We did some work on this with Joseph (see the old issue https://github.com/control-toolbox/CTDirect.jl/issues/11 and the branch https://github.com/control-toolbox/CTDirect.jl/tree/old-runge-kutta).

We felt it may be better to move to a more abstract interface with the discretization first, since it does involve quite a bit of modifications.

You are certainly welcome to try on your side, dont hesitate if you have any questions :-)

PierreMartinon commented 2 months ago

Ok, we'll try this again with @joseph-gergaud. Hopefully the code is better structured now and should make it easier.

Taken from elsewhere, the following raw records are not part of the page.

Lemma sum_ffun_count (R : pzSemiRingType) (F : nat -> R) :
  \sum_(m : {ffun 'I_N -> bool}) F #|[set i | m i == b]|
  = \sum_(k < N.+1) 'C(N, k)%:R * F k.
Proof.
pose c (m : {ffun 'I_N -> bool}) : 'I_N.+1 := inord #|[set i | m i == b]|.
have cE m : (c m : nat) = #|[set i | m i == b]|.
  by rewrite inordK // ltnS -[X in (_ <= X)%N](card_ord N) max_card.
rewrite (partition_big c predT) //=; apply: eq_bigr => k _.
rewrite (eq_bigr (fun _ => F k)); last by move=> m /eqP <-; rewrite cE.
rewrite sumr_const -(card_ffun_count k) mulr_natl; congr (_ *+ _).
by apply: eq_card => m; rewrite inE -cE.
Qed.

End BooleanFunctions.

Section Circuit.
Variables (R : realType) (n : nat).

Lemma apply_basis_gate_can (f g : Defs.basis n -> Defs.basis n)
    (psi : Defs.basis n -> R[i]) y :
  cancel f g -> cancel g f -> apply_basis_gate f psi y = psi (g y).
Proof.
move=> fK gK; apply: big_pred1 => x /=.
by apply/eqP/eqP => [<-|->].
Qed.

Lemma cnotK (c t : 'I_n.+1) : c != t -> involutive (cnot c t).
Proof.
move=> ct x; apply/ffunP => j; rewrite !ffunE (negbTE ct) eqxx addKb.
by case: eqP => [->|].
Qed.

Lemma join0 a (m : {ffun 'I_n -> bool}) : join a m ord0 = a.
Proof. by rewrite ffunE unlift_none. Qed.

Lemma join_lift a (m : {ffun 'I_n -> bool}) i : join a m (lift ord0 i) = m i.
Proof. by rewrite ffunE liftK. Qed.

Lemma cnot_join a (m : {ffun 'I_n -> bool}) j :
  cnot ord0 (lift ord0 j) (join a m) = join a [ffun i => m i (+) ((i == j) && a)].
Proof.
apply/ffunP => k; rewrite ffunE; case: (unliftP ord0 k) => [i ->|->].
  rewrite (inj_eq lift_inj) !join_lift join0 ffunE.
  by case: eqP => [->|] /=; rewrite ?addbF // addbC.
by rewrite (negbTE (neq_lift _ _)) !join0.
Qed.

Definition cnot_fan (x : Defs.basis n) : Defs.basis n :=
  foldr (fun j => cnot ord0 (lift ord0 j)) x (enum 'I_n).

Lemma after_cnotsE (psi : Defs.basis n -> R[i]) y :
  after_cnots psi y = psi (cnot_fan y).
Proof.
rewrite /after_cnots /cnot_fan; elim: (enum 'I_n) psi => [|j l IH] psi //=.
by rewrite IH (apply_basis_gate_can _ _ (cnotK (neq_lift _ _)) (cnotK (neq_lift _ _))).
Qed.

Lemma cnot_fan_join a (m : {ffun 'I_n -> bool}) :
  cnot_fan (join a m) = join a [ffun i => m i (+) a].
Proof.
have fold_join (l : seq 'I_n) : uniq l ->
    foldr (fun j => cnot ord0 (lift ord0 j)) (join a m) l
    = join a [ffun i => m i (+) ((i \in l) && a)].
  elim: l => [_|j l IH /= /andP[jl /IH ->]].
    by congr join; apply/ffunP => i; rewrite !ffunE addbF.
  rewrite cnot_join; congr join; apply/ffunP => i; rewrite !ffunE in_cons.
  by case: eqP => [->|]; rewrite ?(negbTE jl) ?addbF //= addbC.
rewrite /cnot_fan fold_join ?enum_uniq //; congr join.
by apply/ffunP => i; rewrite !ffunE mem_enum.
Qed.

End Circuit.

Section Measurement.
Variables (R : realType) (n : nat) (th : 'I_n.+1 -> R).

Lemma prod_stateE (x : Defs.basis n) :
  prod_state th x = polar (\sum_j (x j)%:R * th j) ((Num.sqrt 2)^-1 ^+ n.+1).
Proof.
rewrite /prod_state; under eq_bigr do rewrite e_ketE.
by rewrite prod_polar prodr_const card_ord.
Qed.

Definition fan_phase (a : bool) (m : {ffun 'I_n -> bool}) : R :=
  a%:R * th ord0 + \sum_(i < n) (m i (+) a)%:R * th (lift ord0 i).

Lemma after_cnots_join a m :
  after_cnots (prod_state th) (join a m)
  = polar (fan_phase a m) ((Num.sqrt 2)^-1 ^+ n.+1).
Proof.
rewrite after_cnotsE cnot_fan_join prod_stateE big_ord_recl join0 /fan_phase.
by congr (polar (_ + _) _); apply: eq_bigr => i _; rewrite join_lift ffunE.
Qed.

Lemma fan_phase_true m : fan_phase true m = fan_phase false m + theta_tot th m.
Proof.
rewrite /fan_phase /theta_tot (eq_bigr (fun i =>
  (m i (+) false)%:R * th (lift ord0 i) + (-1) ^+ m i * th (lift ord0 i))).
  by rewrite big_split /=; ring.
by move=> i _; case: (m i); rewrite /=; ring.
Qed.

rand-asswad commented 2 months ago

Dear @PierreMartinon, @jbcaillau, and @joseph-gergaud,

Thank you for considering this issue and directing me to your previous work on RK schemes. I have tinkered around with the old-runge-kutta branch but did not succeed in running it due to divergence with dependencies over the past year. I also could not allocate sufficient time to resolve this issue myself, given that I had to move on to other research topics in order to respect my planned PhD timeline, as you can imagine.

I ended up implementing the same scheme (implicit trapezoidal rule, aka Crank-Nicholson) following your algorithmic guide using JuMP with Ipopt backend. I further implemented a general RK scheme in a similar manner, so I provide here my results.

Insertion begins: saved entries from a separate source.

Lemma cprod_sub1_le (a : nat -> C) (g : nat -> R) k :
  (forall i, (i < k)%nat -> Cmod (a i - 1) <= g i - g (S i)) ->
  Cmod (cprod a k - 1) <= exp (g O - g k) - 1.
Proof.
  induction k as [|k IH]; intros Ha; simpl.
  - replace (1 - 1) with (RtoC 0) by ring. rewrite Cmod_0, Rminus_diag, exp_0. lra.
  - specialize (IH (fun i Hi => Ha i ltac:(lia))). specialize (Ha k ltac:(lia)).
    set (P := cprod a k) in *.
    replace (P * a k - 1) with (P * (a k - 1) + (P - 1)) by ring.
    assert (HP : Cmod P <= exp (g O - g k)) by (pose proof (Cmod_le_1_plus_sub1 P); lra).
    assert (Hexp : 1 + (g k - g (S k)) <= exp (g k - g (S k))) by apply exp_ineq1_le.
    replace (g O - g (S k))%R with ((g O - g k) + (g k - g (S k)))%R by ring.
    rewrite exp_plus.
    eapply Rle_trans; [apply Cmod_triangle|]. rewrite Cmod_mult.
    pose proof (Cmod_ge_0 (a k - 1)). pose proof (exp_pos (g O - g k)).
    nra.
Qed.

Lemma cprod_tail_sub1_le (a : nat -> C) (g : nat -> R) m k :
  (forall i, (m <= i)%nat -> Cmod (a i - 1) <= g i - g (S i)) ->
  Cmod (cprod (fun i => a (m + i)%nat) k - 1) <= exp (g m - g (m + k)%nat) - 1.
Proof.
  intros Ha. pose proof (cprod_sub1_le (fun i => a (m + i)%nat) (fun i => g (m + i)%nat) k) as H.
  cbv beta in H. rewrite Nat.add_0_r in H. apply H. intros i _. rewrite Nat.add_succ_r. apply Ha. lia.
Qed.

(* [|P_n - P_m| = |P_N| |T_(N,m)| |T_(m,n) - 1| <= |P_N| e^(g N - g m) (e^(g m - g n) - 1)
   = |P_N| e^(g N) (e^(- g n) - e^(- g m))], where [T] are the tail products, and
   [e^(- g n) <= 1], [1 - e^(- g m) <= g m]. *)
Lemma cprod_sub_le (a : nat -> C) (g : nat -> R) N m n :
  (forall i, (N <= i)%nat -> Cmod (a i - 1) <= g i - g (S i)) -> 0 <= g n -> (N <= m <= n)%nat ->
  Cmod (cprod a n - cprod a m) <= Cmod (cprod a N) * exp (g N) * g m.
Proof.
  intros Ha Hgn Hmn.
  pose proof (cprod_tail_sub1_le a g N (m - N) ltac:(intros i Hi; apply Ha; lia)) as HT1.
  pose proof (cprod_tail_sub1_le a g m (n - m) ltac:(intros i Hi; apply Ha; lia)) as HT2.
  rewrite Nat.add_sub_assoc, Nat.add_comm, Nat.add_sub in HT1, HT2 by lia.
  set (T1 := cprod (fun i => a (N + i)%nat) (m - N)) in HT1.
  set (T2 := cprod (fun i => a (m + i)%nat) (n - m)) in HT2.
  assert (Em : cprod a m = cprod a N * T1) by (unfold T1; rewrite <- cprod_add; f_equal; lia).
  assert (En : cprod a n = cprod a m * T2) by (unfold T2; rewrite <- cprod_add; f_equal; lia).
  rewrite En, Em.
  replace (cprod a N * T1 * T2 - cprod a N * T1) with (cprod a N * (T1 * (T2 - 1))) by ring.
  rewrite !Cmod_mult, Rmult_assoc.
  apply Rmult_le_compat_l; [apply Cmod_ge_0|].
  pose proof (Cmod_le_1_plus_sub1 T1).
  unfold Rminus in HT1, HT2. rewrite exp_plus in HT1, HT2.
  assert (Einv : (exp (- g m) * exp (g m) = 1)%R) by (rewrite <- exp_plus, Rplus_opp_l; apply exp_0).
  assert (Hn : exp (- g n) <= 1) by (rewrite <- exp_0; apply exp_le; lra).
  assert (Hm : 1 - g m <= exp (- g m)) by apply exp_ineq1_le.
  pose proof (exp_pos (g N)). pose proof (Cmod_ge_0 (T2 - 1)).
  apply Rle_trans with (exp (g N) * exp (- g m) * (exp (g m) * exp (- g n) - 1))%R.
  - apply Rmult_le_compat; try apply Cmod_ge_0; lra.
  - replace (exp (g N) * exp (- g m) * (exp (g m) * exp (- g n) - 1))%R
      with (exp (g N) * (exp (- g m) * exp (g m) * exp (- g n) - exp (- g m)))%R by ring.
    rewrite Einv, Rmult_1_l. apply Rmult_le_compat_l; lra.
Qed.

Lemma cprod_converges (a : nat -> C) (g : nat -> R) N :
  (forall i, (N <= i)%nat -> Cmod (a i - 1) <= g i - g (S i)) -> is_lim_seq g 0 ->
  exists l, filterlim (cprod a) eventually (locally l).
Proof.
  intros Ha Hg.
  assert (Hg0 : forall i, (N <= i)%nat -> 0 <= g i).
  { intros i Hi. replace i with ((i - N) + N)%nat by lia.
    apply (is_lim_seq_decr_compare (fun k => g (k + N)%nat)); [now apply is_lim_seq_incr_n|].
    intros k. pose proof (Cmod_ge_0 (a (k + N)%nat - 1)). pose proof (Ha (k + N)%nat ltac:(lia)).
    simpl. lra. }
  set (K := (Cmod (cprod a N) * exp (g N))%R).
  apply (ex_filterlim_of_cauchy_bound _ (fun m => K * g m)%R N).
  - intros m n Hmn. apply cprod_sub_le; auto. apply Hg0. lia.
  - replace (Finite 0) with (Rbar_mult K 0) by (simpl; f_equal; ring).
    now apply is_lim_seq_scal_l.
Qed.

(** * The partial products of f *)

Definition tm_factor (b c : C) (n : nat) : C :=
  cpow_u ((RtoC (INR n) + b) / (RtoC (INR n) + c)) n.

Lemma pprod_cprod b c N : pprod b c N = cprod (fun i => tm_factor b c (S i)) N.
Proof. induction N as [|N IH]; simpl; [|rewrite IH]; reflexivity. Qed.

Lemma RtoC_INR_double k : RtoC (INR (2 * k)) = 2 * RtoC (INR k).
Proof. rewrite mult_INR, RtoC_mult. reflexivity. Qed.

Lemma RtoC_INR_S k : RtoC (INR (S k)) = RtoC (INR k) + 1.
Proof. now rewrite S_INR, RtoC_plus. Qed.

Lemma not_neg_int_add_INR b n : not_neg_int b -> (0 < n)%nat -> RtoC (INR n) + b <> 0.
Proof.
  intros hb Hn E. destruct n as [|n]; [lia|]. apply (hb n).
  replace b with (RtoC (INR (S n)) + b - RtoC (INR (S n))) by ring.
  rewrite E, RtoC_opp. ring.
Qed.

Lemma tm_factor_diag b k : not_neg_int b -> (0 < k)%nat -> tm_factor b b k = 1.
Proof.
  intros hb Hk. pose proof (not_neg_int_add_INR b k hb Hk).
  unfold tm_factor. rewrite <- (cpow_u_one k). f_equal. field. auto.
Qed.

Lemma tm_factor_mul b c d k : not_neg_int c -> (0 < k)%nat ->
  tm_factor b c k * tm_factor c d k = tm_factor b d k.
Proof.
  intros hc Hk. pose proof (not_neg_int_add_INR c k hc Hk).
  unfold tm_factor. rewrite cpow_u_mul. f_equal. unfold Cdiv.
  replace ((RtoC (INR k) + b) * / (RtoC (INR k) + c) * ((RtoC (INR k) + c) * / (RtoC (INR k) + d)))
    with ((RtoC (INR k) + b) * (/ (RtoC (INR k) + c) * (RtoC (INR k) + c)) * / (RtoC (INR k) + d)) by ring.
  rewrite Cinv_l by auto. ring.
Qed.

Lemma tm_factor_one b c : not_neg_int b -> not_neg_int c -> tm_factor b c 1 = (c + 1) / (b + 1).
Proof.
  intros hb hc. pose proof (not_neg_int_add_INR b 1 hb ltac:(lia)) as Hb.
  pose proof (not_neg_int_add_INR c 1 hc ltac:(lia)) as Hc.
  unfold tm_factor, cpow_u. simpl in *. field.
  split; [contradict Hb; rewrite <- Hb | contradict Hc; rewrite <- Hc]; ring.
Qed.

Lemma tm_factor_even b c k : not_neg_int c -> (0 < k)%nat ->
  tm_factor b c (2 * k) = tm_factor (b / 2) (c / 2) k.
Proof.
  intros hc Hk. pose proof (not_neg_int_add_INR c (2 * k) hc ltac:(lia)) as Hc.
  unfold tm_factor. rewrite cpow_u_double, RtoC_INR_double in *. f_equal.
  field. contradict Hc. rewrite <- Hc. ring.
Qed.

Lemma tm_factor_odd b c k : not_neg_int b -> not_neg_int c -> (0 < k)%nat ->
  tm_factor b c (S (2 * k)) = tm_factor ((c + 1) / 2) ((b + 1) / 2) k.
Proof.
  intros hb hc Hk. pose proof (not_neg_int_add_INR b (S (2 * k)) hb ltac:(lia)) as Hb.
  pose proof (not_neg_int_add_INR c (S (2 * k)) hc ltac:(lia)) as Hc.
  unfold tm_factor. rewrite cpow_u_succ_double, RtoC_INR_S, RtoC_INR_double in *. f_equal.
  field. split; [contradict Hb; rewrite <- Hb | contradict Hc; rewrite <- Hc]; ring.
Qed.

Lemma pprod_diag b N : not_neg_int b -> pprod b b N = 1.
Proof.
  intros hb. rewrite pprod_cprod, <- (cprod_one N).
  apply cprod_ext. intros i. apply tm_factor_diag; [auto | lia].
Qed.

Lemma pprod_mul b c d N : not_neg_int c -> pprod b c N * pprod c d N = pprod b d N.
Proof.
  intros hc. rewrite !pprod_cprod, <- cprod_mul.
  apply cprod_ext. intros i. apply tm_factor_mul; [auto | lia].
Qed.

Lemma pprod_odd b c M : pprod b c (S (2 * M)) =
  tm_factor b c 1 * cprod (fun i => tm_factor b c (2 * S i) * tm_factor b c (S (2 * S i))) M.
Proof.
  rewrite pprod_cprod. change (S (2 * M)) with (1 + 2 * M)%nat.
  rewrite cprod_add, cprod_pairs. simpl (cprod _ 1). rewrite Cmult_1_l. f_equal.
  apply cprod_ext. intros i. f_equal; f_equal; lia.
Qed.

Lemma pprod_odd_split b c M : not_neg_int b -> not_neg_int c ->
  pprod b c (S (2 * M)) =
  (c + 1) / (b + 1) * pprod (b / 2) (c / 2) M * pprod ((c + 1) / 2) ((b + 1) / 2) M.
Proof.
  intros hb hc. rewrite pprod_odd, tm_factor_one, !pprod_cprod, <- Cmult_assoc, <- cprod_mul by auto.
  f_equal. apply cprod_ext. intros i. rewrite tm_factor_even, tm_factor_odd by (auto; lia). reflexivity.
Qed.

Lemma Cmod_RtoC_add_ge (x : R) (z : C) : x - Cmod z <= Cmod (RtoC x + z).
Proof.
  pose proof (Cmod_triangle (RtoC x + z) (- z)) as H.
  replace (RtoC x + z + - z) with (RtoC x) in H by ring.
  rewrite Cmod_opp, Cmod_R in H. pose proof (Rle_abs x). lra.
Qed.

Lemma tm_factor_even_sub1_le b c k : (0 < k)%nat -> Cmod b <= INR k -> Cmod c <= INR k ->
  Cmod (tm_factor b c (2 * k) - 1) <= Cmod (b - c) / INR k.
Proof.
  intros Hk Hb Hc. assert (0 < INR k) by (apply lt_0_INR; lia).
  assert (E : INR (2 * k) = (2 * INR k)%R) by (rewrite mult_INR; reflexivity).
  pose proof (Cmod_RtoC_add_ge (INR (2 * k)) b). pose proof (Cmod_RtoC_add_ge (INR (2 * k)) c).
  unfold tm_factor. set (n := RtoC (INR (2 * k))) in *.
  replace (b - c) with ((n + b) - (n + c)) by ring.
  apply cpow_u_div_sub1_le; lra.
Qed.

Lemma tm_pair_sub1_le b c k : (0 < k)%nat -> Cmod b <= INR k -> Cmod c <= INR k ->
  Cmod (tm_factor b c (2 * k) * tm_factor b c (S (2 * k)) - 1)
  <= Cmod (b - c) / INR k - Cmod (b - c) / INR (S k).
Proof.
  intros Hk Hb Hc. assert (Hk0 : 0 < INR k) by (apply lt_0_INR; lia).
  pose proof (Cmod_RtoC_add_ge (INR (2 * k)) b) as L1.
  pose proof (Cmod_RtoC_add_ge (INR (2 * k)) c) as L2.
  pose proof (Cmod_RtoC_add_ge (INR (S (2 * k))) b) as L3.
  pose proof (Cmod_RtoC_add_ge (INR (S (2 * k))) c) as L4.
  assert (E : (INR (S (2 * k)) = INR (2 * k) + 1 /\ INR (2 * k) = 2 * INR k)%R).
  { rewrite S_INR, mult_INR. split; reflexivity. }
  unfold tm_factor. rewrite cpow_u_double, cpow_u_succ_double, cpow_u_mul.
  set (n := RtoC (INR (2 * k))) in *. set (n1 := RtoC (INR (S (2 * k)))) in *.
  assert (Hnz : forall z, 0 < Cmod z -> z <> 0) by (intros z Hz ->; rewrite Cmod_0 in Hz; lra).
  replace ((n + b) / (n + c) * / ((n1 + b) / (n1 + c)))
    with ((n + b) * (n1 + c) / ((n + c) * (n1 + b))) by (field; repeat split; apply Hnz; lra).
  replace (Cmod (b - c) / INR k - Cmod (b - c) / INR (S k))%R
    with (Cmod ((n + b) * (n1 + c) - (n + c) * (n1 + b)) / (INR k * INR (S k)))%R.
  2:{ replace ((n + b) * (n1 + c) - (n + c) * (n1 + b)) with ((n1 - n) * (b - c)) by ring.
      unfold n, n1. rewrite RtoC_INR_S. replace (RtoC (INR (2 * k)) + 1 - RtoC (INR (2 * k))) with (RtoC 1) by ring.
      rewrite Cmod_mult, Cmod_1, S_INR. field. lra. }
  rewrite S_INR.
  apply cpow_u_div_sub1_le; rewrite ?Cmod_mult; [nra | |]; apply Rmult_le_compat; lra.
Qed.

Lemma is_lim_seq_div_INR_S (K : R) : is_lim_seq (fun i => K / INR (S i))%R 0.
Proof.
  replace (Finite 0) with (Rbar_mult K (Rbar_inv p_infty)) by (simpl; f_equal; ring).
  apply is_lim_seq_scal_l, (is_lim_seq_incr_1 (fun i => / INR i)%R).
  apply is_lim_seq_inv; [apply is_lim_seq_INR | discriminate].
Qed.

1. Implicit trapezoidal rule (2 stages, order 2)

The control trajectory for the $d(t)$ variable obtained with CTDirect exhibited a chattering effect that I could not resolve by changing the number of time steps (up to 10000, which took a lot of time). While the implementation with JuMP and Ipopt did not exhibit the same phenomenon and resolved the problem for a similar number of steps (I use 5000).

Standalone scripts and plots for both implementations:

I bring this issue to your attention because the difference is significant, as you can see in the attached plots.

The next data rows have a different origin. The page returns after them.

(* Let $(S(t),E(t),I(t),R(t))$ be a solution of the SEIR initial value problem described in the context such that $S(t)>0$, $E(t)>0$ and $I(t)>0$ for $t>0$. Then the limit $R(\infty)=\lim_{t\to\infty}R(t)$ exists, and, writing $a:=e^{-(\beta/\gamma)R(\infty)}$ and $u_0:=e^{-(\beta/\gamma)\tilde R}$, there is a function $\psi$, continuous and positive on $(a,u_0]$ and $C^1$ on $(a,u_0)$, satisfying the Abel differential equation of the second kind \[ \psi'\psi-\frac{\gamma+\delta}{u}\psi=-\delta\,\frac{\beta N-\beta\tilde S e^{(\beta/\gamma)\tilde R}u+\gamma\log u}{u},\qquad u\in(a,u_0), \] together with $\psi(u_0)=\beta\tilde I$ and $\lim_{u\to a+0}\psi(u)=0$, such that, with \[ t=\varphi(u)=\int_u^{u_0}\frac{d\xi}{\xi\psi(\xi)}, \] the solution has the parametric representation, for $a<u\le u_0$, \[ S(\varphi(u))=\tilde S e^{(\beta/\gamma)\tilde R}u,\qquad E(\varphi(u))=\tilde E e^{-\delta\varphi(u)}+\tilde S e^{(\beta/\gamma)\tilde R}e^{-\delta\varphi(u)}\int_u^{u_0}e^{\delta\varphi(v)}dv, \] \[ I(\varphi(u))=N-\tilde S e^{(\beta/\gamma)\tilde R}u+\frac{\gamma}{\beta}\log u-\tilde E e^{-\delta\varphi(u)}-\tilde S e^{(\beta/\gamma)\tilde R}e^{-\delta\varphi(u)}\int_u^{u_0}e^{\delta\varphi(v)}dv,\qquad R(\varphi(u))=-\frac{\gamma}{\beta}\log u . \]
   Context: Let $\beta,\gamma,\delta>0$ be constants and $\tilde S,\tilde E,\tilde I,\tilde R$ real numbers with $N:=\tilde S+\tilde E+\tilde I+\tilde R>0$. The SEIR initial value problem is $S'(t)=-\beta S(t)I(t)$, $E'(t)=\beta S(t)I(t)-\delta E(t)$, $I'(t)=\delta E(t)-\gamma I(t)$, $R'(t)=\gamma I(t)$ for $t>0$, with $S(0)=\tilde S$, $E(0)=\tilde E$, $I(0)=\tilde I$, $R(0)=\tilde R$; a solution is a vector function $(S,E,I,R)$ of class $C^1(0,\infty)\cap C[0,\infty)$ satisfying these. Standing assumptions: (A1) $\tilde I>0$; (A2) $\tilde E>(\gamma/\delta)\tilde I$; (A3) $\tilde S>\delta\tilde E/(\beta\tilde I)$; (A4) $\tilde R\ge 0$ and $N>\tilde S e^{(\beta/\gamma)\tilde R}+\tilde R$. *)

From Stdlib Require Import Reals.
From Coquelicot Require Import Coquelicot.
Open Scope R_scope.

(* A solution of the SEIR initial value problem: class C^1(0,oo) /\ C[0,oo),
   satisfying the ODEs for t > 0 and the initial conditions at t = 0.
   Functions are defined on all of R; only their values on [0,oo) matter.
   Continuity on [0,oo) at the endpoint 0 is right-continuity. *)
Definition SEIR_solution (beta gamma delta S0 E0 I0 R0 : R)
  (S E I Rc : R -> R) : Prop :=
  S 0 = S0 /\ E 0 = E0 /\ I 0 = I0 /\ Rc 0 = R0 /\
  filterlim S (at_right 0) (locally (S 0)) /\
  filterlim E (at_right 0) (locally (E 0)) /\
  filterlim I (at_right 0) (locally (I 0)) /\
  filterlim Rc (at_right 0) (locally (Rc 0)) /\
  (forall t, 0 < t -> is_derive S t (- beta * S t * I t)) /\
  (forall t, 0 < t -> is_derive E t (beta * S t * I t - delta * E t)) /\
  (forall t, 0 < t -> is_derive I t (delta * E t - gamma * I t)) /\
  (forall t, 0 < t -> is_derive Rc t (gamma * I t)) /\
  (forall t, 0 < t ->
     continuous (Derive S) t /\ continuous (Derive E) t /\
     continuous (Derive I) t /\ continuous (Derive Rc) t).

Definition seir_phi (psi : R -> R) (u0 u : R) : R :=
  RInt (fun xi => / (xi * psi xi)) u u0.

(* Summing the equations shows that S + E + I + R = N is conserved, and
   S e^{(beta/gamma) R} is constant, so S = K u along the solution, where
   u = U(t) := e^{-(beta/gamma) R(t)}.  As R' = gamma I > 0, R increases to a
   finite limit R(oo) and U decreases from u0 towards a; the paper's time
   change t = phi(u) is the inverse tau of U.  Indeed, with
   psi(u) := beta I(tau u), the relation U' = - beta I U gives
   tau' = -1/(u psi(u)), and tau(u0) = 0.  Differentiating psi and eliminating E
   through the conservation law gives the Abel equation, and
   E e^{delta t} - K int_{U t}^{u0} e^{delta tau} is constant, which is the
   formula for E.  Finally I -> 0 (Barbalat: R converges and I' is bounded),
   so psi -> 0 as u -> a. *)

From Stdlib Require Import Reals Lra ClassicalEpsilon.
From Coquelicot Require Import Coquelicot.
Open Scope R_scope.

(* [auto_derive], with the derivatives of the unknown functions taken from the
   [is_derive] hypotheses; leaves the equation between derivative values. *)
Ltac auto_derive_from_context :=
  auto_derive;
  [ repeat split; eexists; eassumption
  | repeat match goal with
           | H : is_derive ?f ?x ?l |- _ =>
               rewrite (is_derive_unique (fun y : R => f y) x l H); clear H
           end ].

2. Higher order scheme: Gauss-Legendre method (2 stages, order 4)

I implemented a general RK scheme following your algorithmic guide and the previous RK branch. As expected, there is an improvement to the previous implementation, which becomes more apparent in the plots of the singular arcs (expressions derived from differentiating the switch functions, the expressions depend on the state and costate trajectories as well as the other control).

Here's my standalone script for the JuMP implementation of RK scheme and the control plot with the Gauss-Legendre method of order 4.

Takeaway

I could not identify a problem in my implementation based on CTDirect that explains the chattering effect. I believe this would be interesting to you.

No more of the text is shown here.